Set out exactly every line of the entries below, starting at the line that holds "(* Total 1D" and stopping after the line that holds "(* Integral over".

▼▼▼

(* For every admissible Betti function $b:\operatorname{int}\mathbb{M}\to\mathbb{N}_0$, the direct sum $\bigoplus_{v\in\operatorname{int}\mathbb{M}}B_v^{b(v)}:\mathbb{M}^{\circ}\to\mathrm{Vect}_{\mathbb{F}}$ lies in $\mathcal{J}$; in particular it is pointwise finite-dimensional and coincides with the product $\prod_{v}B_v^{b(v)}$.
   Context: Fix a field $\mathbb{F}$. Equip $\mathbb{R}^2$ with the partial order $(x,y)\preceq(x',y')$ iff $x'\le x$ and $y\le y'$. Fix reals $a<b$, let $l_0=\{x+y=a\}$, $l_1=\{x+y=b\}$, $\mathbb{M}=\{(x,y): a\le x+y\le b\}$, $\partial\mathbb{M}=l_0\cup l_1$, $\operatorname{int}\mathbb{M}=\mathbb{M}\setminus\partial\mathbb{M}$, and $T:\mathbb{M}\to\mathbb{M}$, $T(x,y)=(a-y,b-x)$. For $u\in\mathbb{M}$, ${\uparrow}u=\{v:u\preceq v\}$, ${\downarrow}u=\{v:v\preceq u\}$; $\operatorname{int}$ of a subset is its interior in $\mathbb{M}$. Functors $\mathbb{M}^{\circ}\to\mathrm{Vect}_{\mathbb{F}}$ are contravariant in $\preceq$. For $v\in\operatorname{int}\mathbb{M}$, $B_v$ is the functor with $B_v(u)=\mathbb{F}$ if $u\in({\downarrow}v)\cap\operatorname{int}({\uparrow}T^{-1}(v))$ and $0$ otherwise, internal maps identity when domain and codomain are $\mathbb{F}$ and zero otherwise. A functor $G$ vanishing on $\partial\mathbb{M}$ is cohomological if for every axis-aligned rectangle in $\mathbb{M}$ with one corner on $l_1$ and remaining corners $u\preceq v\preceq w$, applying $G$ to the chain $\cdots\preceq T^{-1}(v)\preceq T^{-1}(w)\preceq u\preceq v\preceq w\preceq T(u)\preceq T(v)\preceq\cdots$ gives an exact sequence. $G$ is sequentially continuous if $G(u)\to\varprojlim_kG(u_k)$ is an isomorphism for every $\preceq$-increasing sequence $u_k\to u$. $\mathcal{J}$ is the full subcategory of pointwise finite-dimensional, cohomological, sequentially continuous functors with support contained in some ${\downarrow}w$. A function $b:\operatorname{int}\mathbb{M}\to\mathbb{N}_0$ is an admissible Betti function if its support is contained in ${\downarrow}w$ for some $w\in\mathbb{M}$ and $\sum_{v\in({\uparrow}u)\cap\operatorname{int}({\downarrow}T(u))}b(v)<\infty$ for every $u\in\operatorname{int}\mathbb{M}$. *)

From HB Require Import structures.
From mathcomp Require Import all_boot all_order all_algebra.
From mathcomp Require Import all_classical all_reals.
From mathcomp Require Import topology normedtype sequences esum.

▲▲▲
▼▼▼

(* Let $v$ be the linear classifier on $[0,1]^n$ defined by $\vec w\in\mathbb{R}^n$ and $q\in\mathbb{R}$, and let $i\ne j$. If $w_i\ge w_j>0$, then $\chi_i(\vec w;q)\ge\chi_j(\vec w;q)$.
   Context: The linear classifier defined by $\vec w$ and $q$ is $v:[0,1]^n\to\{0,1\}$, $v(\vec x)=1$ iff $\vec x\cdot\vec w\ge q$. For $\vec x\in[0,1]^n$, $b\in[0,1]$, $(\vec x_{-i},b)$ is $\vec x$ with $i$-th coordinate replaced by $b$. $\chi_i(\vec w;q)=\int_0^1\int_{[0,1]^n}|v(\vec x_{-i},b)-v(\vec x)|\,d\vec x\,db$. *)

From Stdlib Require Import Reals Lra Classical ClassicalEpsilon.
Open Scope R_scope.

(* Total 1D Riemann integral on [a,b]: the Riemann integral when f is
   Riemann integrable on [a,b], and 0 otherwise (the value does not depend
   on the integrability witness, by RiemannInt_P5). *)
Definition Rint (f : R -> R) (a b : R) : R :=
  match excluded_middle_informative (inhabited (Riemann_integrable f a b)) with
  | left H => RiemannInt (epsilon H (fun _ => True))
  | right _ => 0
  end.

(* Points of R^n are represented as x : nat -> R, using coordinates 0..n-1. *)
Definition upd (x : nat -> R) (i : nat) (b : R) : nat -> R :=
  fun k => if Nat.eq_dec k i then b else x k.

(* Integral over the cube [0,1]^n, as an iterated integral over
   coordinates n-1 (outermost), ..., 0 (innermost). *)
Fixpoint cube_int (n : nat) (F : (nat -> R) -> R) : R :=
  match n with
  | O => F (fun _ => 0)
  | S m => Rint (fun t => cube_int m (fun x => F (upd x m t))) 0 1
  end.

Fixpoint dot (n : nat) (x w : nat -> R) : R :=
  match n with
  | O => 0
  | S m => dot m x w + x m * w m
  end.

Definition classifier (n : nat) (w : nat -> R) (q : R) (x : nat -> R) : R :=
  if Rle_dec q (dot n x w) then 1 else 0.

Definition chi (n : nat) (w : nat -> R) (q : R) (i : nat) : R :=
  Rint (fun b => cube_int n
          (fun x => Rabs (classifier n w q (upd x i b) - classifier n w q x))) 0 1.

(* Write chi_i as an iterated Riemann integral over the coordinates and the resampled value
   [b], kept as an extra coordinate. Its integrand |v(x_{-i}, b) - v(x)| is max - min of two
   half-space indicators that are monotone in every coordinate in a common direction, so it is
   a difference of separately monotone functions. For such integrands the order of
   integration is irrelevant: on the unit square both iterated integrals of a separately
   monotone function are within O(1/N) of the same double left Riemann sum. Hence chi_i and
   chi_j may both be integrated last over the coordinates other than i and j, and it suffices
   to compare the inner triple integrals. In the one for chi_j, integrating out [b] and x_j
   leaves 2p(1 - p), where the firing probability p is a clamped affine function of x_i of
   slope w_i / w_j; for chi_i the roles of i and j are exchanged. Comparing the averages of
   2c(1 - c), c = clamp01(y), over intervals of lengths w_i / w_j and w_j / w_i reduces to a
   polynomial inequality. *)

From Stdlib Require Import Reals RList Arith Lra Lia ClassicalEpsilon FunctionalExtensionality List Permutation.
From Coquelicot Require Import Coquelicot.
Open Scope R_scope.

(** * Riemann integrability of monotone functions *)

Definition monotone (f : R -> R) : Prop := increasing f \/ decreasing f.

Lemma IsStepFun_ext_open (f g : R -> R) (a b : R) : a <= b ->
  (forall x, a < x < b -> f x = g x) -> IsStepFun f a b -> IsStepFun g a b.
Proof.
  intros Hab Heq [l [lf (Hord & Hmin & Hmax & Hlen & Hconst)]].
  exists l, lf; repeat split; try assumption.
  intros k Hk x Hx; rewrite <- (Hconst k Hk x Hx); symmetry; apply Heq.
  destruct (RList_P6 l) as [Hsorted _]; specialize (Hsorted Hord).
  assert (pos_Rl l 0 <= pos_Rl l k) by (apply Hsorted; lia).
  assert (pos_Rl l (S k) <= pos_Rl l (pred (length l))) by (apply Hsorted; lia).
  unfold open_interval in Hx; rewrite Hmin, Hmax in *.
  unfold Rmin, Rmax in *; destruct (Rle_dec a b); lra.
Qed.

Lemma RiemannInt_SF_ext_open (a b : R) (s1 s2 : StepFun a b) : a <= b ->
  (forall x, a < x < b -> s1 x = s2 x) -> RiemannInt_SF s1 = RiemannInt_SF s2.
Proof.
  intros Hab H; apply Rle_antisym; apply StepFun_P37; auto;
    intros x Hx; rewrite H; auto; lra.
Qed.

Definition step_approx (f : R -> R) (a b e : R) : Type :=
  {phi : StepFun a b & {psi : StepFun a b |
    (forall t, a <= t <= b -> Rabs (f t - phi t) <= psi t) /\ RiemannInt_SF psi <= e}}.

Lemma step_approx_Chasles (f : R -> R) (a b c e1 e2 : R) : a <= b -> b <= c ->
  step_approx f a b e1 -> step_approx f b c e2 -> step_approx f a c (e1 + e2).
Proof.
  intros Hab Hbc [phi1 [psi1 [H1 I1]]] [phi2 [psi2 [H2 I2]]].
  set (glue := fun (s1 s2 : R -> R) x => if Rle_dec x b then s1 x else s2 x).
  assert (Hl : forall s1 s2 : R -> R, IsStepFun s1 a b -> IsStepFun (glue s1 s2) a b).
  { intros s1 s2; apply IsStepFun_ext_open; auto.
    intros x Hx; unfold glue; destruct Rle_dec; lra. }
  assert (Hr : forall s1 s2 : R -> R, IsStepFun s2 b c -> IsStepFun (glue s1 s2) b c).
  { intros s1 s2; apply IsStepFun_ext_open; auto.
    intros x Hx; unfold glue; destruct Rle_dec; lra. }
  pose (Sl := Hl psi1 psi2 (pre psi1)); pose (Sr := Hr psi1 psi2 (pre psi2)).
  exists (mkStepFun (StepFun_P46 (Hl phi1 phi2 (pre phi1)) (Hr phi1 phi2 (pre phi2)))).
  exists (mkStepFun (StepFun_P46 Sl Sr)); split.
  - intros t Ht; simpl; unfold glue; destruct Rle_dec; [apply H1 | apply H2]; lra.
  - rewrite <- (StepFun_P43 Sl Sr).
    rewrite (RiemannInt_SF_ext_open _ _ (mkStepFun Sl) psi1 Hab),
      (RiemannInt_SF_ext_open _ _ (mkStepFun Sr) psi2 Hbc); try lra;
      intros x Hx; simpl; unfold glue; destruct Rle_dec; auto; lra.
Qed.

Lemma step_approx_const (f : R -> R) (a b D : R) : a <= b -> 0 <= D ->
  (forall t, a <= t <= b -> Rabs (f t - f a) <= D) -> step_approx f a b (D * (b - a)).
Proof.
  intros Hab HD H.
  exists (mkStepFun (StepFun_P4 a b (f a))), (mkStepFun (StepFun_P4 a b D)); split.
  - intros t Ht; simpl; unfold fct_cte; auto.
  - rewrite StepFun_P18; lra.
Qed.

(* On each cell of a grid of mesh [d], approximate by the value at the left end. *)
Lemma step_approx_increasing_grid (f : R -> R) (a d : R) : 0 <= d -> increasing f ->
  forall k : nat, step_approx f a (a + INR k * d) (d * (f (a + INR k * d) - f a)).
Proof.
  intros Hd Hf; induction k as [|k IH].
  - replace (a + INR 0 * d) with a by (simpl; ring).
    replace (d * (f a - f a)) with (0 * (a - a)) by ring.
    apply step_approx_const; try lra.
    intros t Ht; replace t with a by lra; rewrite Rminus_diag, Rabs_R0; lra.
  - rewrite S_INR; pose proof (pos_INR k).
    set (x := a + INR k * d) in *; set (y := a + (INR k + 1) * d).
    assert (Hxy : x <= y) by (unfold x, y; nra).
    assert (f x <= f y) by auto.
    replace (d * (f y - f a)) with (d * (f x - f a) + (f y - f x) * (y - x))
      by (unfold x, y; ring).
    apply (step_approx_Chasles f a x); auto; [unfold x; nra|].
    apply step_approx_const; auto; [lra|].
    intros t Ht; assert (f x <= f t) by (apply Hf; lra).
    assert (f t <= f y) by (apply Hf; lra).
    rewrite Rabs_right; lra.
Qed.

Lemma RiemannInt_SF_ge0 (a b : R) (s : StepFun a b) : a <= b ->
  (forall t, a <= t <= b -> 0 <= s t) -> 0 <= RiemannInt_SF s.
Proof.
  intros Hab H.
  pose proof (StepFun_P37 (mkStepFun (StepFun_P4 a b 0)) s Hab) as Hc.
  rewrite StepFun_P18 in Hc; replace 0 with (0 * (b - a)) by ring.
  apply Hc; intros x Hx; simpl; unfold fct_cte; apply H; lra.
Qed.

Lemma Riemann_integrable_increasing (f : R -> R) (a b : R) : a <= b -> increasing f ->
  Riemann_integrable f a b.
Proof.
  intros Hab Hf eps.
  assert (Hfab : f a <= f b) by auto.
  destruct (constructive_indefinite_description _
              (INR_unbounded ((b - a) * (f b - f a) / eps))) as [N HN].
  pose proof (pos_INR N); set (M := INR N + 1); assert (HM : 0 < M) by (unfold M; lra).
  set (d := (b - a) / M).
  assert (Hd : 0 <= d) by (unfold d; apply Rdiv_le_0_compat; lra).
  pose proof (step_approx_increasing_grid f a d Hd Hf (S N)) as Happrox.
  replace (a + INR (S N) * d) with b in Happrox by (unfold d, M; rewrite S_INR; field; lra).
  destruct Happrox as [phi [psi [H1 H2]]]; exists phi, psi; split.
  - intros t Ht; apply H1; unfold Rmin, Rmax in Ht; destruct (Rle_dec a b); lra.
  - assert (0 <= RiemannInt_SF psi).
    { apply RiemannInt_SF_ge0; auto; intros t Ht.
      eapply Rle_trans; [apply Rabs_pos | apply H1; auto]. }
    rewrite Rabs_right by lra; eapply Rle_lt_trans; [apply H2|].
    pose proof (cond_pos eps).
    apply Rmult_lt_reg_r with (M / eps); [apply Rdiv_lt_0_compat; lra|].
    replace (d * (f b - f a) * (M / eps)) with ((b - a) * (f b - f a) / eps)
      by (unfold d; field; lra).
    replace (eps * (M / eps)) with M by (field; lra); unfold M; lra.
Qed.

▲▲▲

• _Solution to this problem_
(* Total 1D Riemann integral on [a,b]: the Riemann integral when f is
   Riemann integrable on [a,b], and 0 otherwise (the value does not depend
   on the integrability witness, by RiemannInt_P5). *)
Definition Rint (f : R -> R) (a b : R) : R :=
  match excluded_middle_informative (inhabited (Riemann_integrable f a b)) with
  | left H => RiemannInt (epsilon H (fun _ => True))
  | right _ => 0
  end.

(* Points of R^n are represented as x : nat -> R, using coordinates 0..n-1. *)
Definition upd (x : nat -> R) (i : nat) (b : R) : nat -> R :=
  fun k => if Nat.eq_dec k i then b else x k.

(* Integral over the cube [0,1]^n, as an iterated integral over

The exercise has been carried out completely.